- **Task statement**: Some lines in the listing hold the word "Rabs". Return each of them.

- **Supplied entries**:
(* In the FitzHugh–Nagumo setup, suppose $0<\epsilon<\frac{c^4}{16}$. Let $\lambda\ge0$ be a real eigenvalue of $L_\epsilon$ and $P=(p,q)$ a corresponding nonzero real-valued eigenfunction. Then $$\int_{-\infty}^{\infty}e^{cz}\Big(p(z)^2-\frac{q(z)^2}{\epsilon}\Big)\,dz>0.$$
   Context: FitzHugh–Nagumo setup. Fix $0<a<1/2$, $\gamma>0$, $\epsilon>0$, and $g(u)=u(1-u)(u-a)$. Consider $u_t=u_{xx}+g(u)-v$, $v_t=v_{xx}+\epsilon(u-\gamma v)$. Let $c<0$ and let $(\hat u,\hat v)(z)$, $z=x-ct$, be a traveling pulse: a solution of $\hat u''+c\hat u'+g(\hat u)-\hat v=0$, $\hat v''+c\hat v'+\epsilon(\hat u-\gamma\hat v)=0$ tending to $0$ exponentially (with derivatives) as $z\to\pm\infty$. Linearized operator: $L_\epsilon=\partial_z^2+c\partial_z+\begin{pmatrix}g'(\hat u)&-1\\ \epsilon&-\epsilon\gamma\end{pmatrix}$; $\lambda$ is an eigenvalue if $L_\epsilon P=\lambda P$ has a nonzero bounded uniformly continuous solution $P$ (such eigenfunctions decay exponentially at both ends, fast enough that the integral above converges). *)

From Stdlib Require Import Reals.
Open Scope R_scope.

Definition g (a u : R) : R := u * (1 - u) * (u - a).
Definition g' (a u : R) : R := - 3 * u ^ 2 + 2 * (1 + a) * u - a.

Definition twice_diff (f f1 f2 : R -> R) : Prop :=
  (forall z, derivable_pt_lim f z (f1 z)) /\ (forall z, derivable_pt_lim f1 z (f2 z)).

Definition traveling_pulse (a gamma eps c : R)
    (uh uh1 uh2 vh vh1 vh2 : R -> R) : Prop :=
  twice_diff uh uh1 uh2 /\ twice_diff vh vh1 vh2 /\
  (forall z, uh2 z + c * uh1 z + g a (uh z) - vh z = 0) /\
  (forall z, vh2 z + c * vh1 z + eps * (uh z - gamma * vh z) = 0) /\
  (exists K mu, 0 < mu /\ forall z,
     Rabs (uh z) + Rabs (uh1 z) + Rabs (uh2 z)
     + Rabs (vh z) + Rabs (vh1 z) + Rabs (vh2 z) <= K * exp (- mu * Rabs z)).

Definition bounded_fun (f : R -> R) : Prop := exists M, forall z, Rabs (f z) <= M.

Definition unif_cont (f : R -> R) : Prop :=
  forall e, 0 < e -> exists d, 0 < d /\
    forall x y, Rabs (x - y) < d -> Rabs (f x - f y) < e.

- **Output**:
     Rabs (uh z) + Rabs (uh1 z) + Rabs (uh2 z)
     + Rabs (vh z) + Rabs (vh1 z) + Rabs (vh2 z) <= K * exp (- mu * Rabs z)).
Definition bounded_fun (f : R -> R) : Prop := exists M, forall z, Rabs (f z) <= M.
    forall x y, Rabs (x - y) < d -> Rabs (f x - f y) < e.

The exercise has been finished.